= Stored records =
----
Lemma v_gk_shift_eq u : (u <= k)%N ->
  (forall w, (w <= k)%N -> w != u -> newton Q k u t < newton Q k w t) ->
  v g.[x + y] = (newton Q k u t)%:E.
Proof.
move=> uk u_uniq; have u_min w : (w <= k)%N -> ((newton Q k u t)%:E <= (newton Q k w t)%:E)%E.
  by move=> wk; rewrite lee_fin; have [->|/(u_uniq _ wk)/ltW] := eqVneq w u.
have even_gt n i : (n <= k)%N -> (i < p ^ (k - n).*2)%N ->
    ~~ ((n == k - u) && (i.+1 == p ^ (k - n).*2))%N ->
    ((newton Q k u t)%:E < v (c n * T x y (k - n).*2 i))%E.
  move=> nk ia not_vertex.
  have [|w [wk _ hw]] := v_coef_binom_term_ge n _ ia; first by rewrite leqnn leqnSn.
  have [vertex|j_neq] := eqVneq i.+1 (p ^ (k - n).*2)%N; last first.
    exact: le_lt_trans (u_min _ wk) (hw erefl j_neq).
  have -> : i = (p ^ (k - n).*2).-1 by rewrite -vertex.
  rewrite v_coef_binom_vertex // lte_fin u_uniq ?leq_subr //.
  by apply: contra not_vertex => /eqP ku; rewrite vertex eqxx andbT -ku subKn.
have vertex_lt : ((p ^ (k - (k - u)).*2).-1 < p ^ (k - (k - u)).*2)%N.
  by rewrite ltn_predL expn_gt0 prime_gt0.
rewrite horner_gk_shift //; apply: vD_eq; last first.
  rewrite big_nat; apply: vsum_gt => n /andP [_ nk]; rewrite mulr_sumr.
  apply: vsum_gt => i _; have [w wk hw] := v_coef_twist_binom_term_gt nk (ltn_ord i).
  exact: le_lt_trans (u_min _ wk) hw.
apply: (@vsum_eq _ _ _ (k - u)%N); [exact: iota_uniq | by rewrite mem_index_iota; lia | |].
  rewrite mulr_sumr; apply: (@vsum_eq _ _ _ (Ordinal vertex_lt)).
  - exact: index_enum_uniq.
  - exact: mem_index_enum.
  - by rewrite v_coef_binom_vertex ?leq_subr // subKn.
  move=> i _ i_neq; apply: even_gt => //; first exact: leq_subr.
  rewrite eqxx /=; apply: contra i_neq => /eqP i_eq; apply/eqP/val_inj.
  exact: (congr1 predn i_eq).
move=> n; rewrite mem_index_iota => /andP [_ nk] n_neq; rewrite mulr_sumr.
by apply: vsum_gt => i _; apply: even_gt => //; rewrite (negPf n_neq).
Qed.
----
Where the word "newton" appears in a line of the entries, copy that line.

  (forall w, (w <= k)%N -> w != u -> newton Q k u t < newton Q k w t) ->
  v g.[x + y] = (newton Q k u t)%:E.
move=> uk u_uniq; have u_min w : (w <= k)%N -> ((newton Q k u t)%:E <= (newton Q k w t)%:E)%E.
    ((newton Q k u t)%:E < v (c n * T x y (k - n).*2 i))%E.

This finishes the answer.